━━━━━ Working data

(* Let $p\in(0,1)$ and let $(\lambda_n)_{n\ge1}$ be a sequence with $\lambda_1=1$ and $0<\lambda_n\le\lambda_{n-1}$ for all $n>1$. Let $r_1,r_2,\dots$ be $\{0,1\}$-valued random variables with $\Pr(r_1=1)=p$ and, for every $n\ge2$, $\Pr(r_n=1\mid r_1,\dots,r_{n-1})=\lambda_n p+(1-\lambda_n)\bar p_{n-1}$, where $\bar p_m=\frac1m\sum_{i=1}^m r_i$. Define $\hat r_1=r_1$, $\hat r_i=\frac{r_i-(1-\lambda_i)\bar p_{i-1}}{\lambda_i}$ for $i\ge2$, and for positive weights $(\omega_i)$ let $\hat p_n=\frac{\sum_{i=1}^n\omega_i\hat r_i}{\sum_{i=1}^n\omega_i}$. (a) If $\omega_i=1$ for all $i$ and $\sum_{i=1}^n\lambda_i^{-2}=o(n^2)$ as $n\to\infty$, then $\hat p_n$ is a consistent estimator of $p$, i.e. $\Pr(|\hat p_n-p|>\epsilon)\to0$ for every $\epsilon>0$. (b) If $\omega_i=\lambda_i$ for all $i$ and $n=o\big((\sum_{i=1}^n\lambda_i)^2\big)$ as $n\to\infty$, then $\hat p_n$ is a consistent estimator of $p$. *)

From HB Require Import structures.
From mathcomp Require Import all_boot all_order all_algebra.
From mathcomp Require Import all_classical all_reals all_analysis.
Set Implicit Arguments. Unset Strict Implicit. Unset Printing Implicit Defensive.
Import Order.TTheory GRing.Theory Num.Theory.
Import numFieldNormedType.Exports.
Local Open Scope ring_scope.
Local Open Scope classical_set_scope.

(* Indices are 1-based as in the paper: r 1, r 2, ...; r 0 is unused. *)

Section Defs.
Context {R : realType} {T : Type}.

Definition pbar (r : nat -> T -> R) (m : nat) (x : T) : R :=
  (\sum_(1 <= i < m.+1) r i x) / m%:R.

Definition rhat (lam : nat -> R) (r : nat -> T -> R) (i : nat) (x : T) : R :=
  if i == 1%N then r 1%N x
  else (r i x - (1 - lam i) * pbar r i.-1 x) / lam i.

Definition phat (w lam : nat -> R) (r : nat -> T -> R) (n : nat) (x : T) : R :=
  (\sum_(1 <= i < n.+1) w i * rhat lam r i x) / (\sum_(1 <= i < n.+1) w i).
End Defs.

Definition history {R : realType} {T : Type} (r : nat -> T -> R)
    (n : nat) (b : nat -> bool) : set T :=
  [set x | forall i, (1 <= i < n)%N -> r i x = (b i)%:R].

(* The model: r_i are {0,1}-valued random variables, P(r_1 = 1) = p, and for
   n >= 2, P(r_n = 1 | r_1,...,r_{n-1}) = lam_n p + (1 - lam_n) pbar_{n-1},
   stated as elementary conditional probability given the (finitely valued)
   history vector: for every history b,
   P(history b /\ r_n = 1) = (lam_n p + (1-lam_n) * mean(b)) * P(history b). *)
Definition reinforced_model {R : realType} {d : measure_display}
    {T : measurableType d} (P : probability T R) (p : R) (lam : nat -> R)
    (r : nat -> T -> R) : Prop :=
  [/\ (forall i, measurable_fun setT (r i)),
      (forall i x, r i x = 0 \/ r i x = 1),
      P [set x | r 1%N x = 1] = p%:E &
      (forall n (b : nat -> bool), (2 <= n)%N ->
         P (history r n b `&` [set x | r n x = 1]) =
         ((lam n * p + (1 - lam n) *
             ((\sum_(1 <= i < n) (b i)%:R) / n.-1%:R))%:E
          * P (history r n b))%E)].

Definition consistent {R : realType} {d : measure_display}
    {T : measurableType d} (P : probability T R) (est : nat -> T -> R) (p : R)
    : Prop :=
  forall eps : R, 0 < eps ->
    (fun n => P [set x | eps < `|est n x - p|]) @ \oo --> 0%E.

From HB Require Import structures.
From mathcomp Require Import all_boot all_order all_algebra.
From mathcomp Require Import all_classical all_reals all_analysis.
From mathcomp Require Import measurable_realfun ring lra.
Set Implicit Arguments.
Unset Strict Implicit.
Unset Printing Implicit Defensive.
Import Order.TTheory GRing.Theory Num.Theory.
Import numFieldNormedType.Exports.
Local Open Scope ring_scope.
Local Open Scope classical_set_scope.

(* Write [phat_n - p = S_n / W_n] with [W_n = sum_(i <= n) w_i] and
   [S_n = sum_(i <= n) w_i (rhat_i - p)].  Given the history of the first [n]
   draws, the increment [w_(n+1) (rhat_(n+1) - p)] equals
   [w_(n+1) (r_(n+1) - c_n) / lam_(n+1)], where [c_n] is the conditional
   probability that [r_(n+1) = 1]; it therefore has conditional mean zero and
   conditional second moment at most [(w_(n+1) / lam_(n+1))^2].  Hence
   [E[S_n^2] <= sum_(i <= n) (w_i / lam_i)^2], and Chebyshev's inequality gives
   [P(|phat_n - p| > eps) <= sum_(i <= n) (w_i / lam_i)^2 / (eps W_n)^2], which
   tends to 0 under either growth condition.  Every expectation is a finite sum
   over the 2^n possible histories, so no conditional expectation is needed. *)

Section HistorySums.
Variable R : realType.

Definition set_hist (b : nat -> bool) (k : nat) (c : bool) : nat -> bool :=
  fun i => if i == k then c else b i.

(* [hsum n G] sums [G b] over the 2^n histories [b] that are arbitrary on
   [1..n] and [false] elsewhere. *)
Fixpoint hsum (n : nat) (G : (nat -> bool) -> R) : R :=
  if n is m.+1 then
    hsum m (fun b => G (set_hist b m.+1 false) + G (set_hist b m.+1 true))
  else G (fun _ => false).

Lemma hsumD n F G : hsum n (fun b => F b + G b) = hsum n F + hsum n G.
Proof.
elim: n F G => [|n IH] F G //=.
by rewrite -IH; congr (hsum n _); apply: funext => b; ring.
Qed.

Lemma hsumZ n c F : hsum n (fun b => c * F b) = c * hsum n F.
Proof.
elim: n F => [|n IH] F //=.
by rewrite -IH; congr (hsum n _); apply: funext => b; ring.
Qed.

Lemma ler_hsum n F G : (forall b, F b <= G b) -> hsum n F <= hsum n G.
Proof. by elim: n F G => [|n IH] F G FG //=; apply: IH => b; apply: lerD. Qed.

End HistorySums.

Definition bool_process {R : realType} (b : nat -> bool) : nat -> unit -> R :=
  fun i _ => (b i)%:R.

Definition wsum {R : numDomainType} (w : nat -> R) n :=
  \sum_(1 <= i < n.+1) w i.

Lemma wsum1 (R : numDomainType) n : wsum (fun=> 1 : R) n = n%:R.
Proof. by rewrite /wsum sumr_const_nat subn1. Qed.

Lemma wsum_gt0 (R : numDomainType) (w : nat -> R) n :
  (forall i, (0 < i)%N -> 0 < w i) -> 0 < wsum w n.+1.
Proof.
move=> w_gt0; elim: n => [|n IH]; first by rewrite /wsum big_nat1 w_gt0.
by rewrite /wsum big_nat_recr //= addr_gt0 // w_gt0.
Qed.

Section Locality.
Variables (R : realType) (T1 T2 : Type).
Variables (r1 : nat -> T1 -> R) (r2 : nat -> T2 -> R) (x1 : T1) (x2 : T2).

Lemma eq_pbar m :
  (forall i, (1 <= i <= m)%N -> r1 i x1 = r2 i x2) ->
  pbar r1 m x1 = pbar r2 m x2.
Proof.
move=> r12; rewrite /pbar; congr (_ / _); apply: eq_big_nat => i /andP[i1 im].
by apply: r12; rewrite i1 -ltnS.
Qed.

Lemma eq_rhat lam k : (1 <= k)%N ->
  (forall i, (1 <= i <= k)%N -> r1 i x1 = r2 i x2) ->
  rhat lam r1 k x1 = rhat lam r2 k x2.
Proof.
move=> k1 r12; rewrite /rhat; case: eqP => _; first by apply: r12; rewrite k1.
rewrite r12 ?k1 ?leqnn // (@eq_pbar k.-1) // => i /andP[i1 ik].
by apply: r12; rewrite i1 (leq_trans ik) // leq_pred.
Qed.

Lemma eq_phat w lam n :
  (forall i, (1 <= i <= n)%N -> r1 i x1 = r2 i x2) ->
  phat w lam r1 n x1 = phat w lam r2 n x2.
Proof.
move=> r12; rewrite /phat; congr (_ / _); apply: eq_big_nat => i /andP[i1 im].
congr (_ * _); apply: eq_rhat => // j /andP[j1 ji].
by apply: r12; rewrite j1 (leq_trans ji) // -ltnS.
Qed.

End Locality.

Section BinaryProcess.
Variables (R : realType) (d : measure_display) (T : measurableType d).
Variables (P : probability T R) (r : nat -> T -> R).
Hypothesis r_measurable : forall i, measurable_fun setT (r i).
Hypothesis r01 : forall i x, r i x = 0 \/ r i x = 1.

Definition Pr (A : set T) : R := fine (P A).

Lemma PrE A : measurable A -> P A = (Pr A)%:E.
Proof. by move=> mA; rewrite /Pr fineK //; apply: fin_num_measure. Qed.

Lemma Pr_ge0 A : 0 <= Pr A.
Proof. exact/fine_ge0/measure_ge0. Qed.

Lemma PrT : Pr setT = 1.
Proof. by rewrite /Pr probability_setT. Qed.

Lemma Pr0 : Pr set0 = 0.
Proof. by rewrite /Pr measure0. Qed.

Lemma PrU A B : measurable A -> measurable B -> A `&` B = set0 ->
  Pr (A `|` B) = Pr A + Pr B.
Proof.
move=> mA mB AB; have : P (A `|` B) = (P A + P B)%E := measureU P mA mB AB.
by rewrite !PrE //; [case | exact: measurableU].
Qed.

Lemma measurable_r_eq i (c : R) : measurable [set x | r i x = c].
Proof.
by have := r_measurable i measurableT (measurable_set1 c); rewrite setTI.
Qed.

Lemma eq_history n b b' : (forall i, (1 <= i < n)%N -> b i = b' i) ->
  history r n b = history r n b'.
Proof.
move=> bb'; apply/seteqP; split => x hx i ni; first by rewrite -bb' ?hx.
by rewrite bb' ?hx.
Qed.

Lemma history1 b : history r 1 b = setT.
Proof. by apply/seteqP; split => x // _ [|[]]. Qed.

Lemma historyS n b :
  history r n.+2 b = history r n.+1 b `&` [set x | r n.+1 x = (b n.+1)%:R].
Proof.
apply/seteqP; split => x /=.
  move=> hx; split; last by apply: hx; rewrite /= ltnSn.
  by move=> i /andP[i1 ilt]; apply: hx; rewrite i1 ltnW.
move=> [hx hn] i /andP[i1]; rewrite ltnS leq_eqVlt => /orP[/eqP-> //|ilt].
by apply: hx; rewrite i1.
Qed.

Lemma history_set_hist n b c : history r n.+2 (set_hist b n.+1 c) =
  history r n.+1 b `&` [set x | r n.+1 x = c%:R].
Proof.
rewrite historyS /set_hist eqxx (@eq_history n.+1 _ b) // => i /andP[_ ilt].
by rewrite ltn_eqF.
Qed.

━━━━━━━━━━
━━━━━ Working data

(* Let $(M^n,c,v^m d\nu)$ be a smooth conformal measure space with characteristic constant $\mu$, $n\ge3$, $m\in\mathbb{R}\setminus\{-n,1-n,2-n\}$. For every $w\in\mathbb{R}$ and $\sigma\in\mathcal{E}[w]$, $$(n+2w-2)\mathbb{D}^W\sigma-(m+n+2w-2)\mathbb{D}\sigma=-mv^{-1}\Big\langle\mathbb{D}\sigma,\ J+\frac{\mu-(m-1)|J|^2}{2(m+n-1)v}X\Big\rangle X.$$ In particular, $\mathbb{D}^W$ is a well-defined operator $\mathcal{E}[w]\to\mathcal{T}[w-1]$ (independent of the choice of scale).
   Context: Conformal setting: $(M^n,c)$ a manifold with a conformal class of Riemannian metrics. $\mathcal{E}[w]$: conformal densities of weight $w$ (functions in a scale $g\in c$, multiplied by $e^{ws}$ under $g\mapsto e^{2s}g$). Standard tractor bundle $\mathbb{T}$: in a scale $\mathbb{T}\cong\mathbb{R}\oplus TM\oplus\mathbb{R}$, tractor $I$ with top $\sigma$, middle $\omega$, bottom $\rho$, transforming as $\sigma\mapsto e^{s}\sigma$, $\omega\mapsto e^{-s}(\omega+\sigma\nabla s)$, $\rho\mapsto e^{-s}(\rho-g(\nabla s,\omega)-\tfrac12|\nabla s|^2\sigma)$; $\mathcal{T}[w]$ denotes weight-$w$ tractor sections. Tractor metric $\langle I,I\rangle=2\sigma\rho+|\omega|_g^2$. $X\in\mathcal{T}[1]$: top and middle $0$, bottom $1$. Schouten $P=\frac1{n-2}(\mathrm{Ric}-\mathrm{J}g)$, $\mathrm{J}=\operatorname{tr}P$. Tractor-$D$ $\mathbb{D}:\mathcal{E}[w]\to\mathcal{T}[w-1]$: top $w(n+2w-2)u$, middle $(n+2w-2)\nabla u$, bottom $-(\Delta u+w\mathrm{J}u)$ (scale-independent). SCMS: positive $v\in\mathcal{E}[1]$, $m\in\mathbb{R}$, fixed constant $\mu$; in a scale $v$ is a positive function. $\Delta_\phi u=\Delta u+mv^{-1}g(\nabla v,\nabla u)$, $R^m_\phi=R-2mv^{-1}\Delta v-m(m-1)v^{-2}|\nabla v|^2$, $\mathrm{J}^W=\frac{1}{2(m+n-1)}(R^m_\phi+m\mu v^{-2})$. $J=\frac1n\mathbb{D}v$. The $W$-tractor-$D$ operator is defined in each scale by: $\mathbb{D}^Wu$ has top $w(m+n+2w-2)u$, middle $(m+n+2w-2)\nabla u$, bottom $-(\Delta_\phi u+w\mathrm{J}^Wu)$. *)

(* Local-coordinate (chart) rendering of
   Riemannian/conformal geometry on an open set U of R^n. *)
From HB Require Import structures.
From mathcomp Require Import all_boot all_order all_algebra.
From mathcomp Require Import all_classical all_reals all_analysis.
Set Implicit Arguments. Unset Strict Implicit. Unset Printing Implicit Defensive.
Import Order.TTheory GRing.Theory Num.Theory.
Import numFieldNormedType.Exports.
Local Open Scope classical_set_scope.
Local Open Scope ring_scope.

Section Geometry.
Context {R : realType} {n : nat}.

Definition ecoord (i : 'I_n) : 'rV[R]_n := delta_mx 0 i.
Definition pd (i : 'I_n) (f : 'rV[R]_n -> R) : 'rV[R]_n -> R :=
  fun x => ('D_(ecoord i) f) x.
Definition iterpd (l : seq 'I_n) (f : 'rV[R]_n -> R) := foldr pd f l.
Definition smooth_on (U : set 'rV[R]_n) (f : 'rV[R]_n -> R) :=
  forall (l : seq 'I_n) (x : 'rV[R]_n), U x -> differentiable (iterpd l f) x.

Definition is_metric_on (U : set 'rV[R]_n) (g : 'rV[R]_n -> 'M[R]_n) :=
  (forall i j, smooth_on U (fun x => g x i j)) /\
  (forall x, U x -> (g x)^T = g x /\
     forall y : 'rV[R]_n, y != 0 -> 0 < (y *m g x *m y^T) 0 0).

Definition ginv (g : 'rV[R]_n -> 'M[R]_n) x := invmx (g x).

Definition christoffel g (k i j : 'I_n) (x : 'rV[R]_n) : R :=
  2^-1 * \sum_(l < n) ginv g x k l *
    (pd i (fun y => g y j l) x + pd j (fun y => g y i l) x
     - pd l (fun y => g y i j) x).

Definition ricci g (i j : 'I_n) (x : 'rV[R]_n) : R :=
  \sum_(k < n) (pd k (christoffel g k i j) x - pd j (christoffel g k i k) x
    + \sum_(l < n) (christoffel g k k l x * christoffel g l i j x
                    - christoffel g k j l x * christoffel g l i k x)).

━━━━━━━━━━

#### [What the task requires]
Counting only lines that contain the string "congr", say how many appear in the listing above, with the number as the entire reply.

#### [Answer space]
5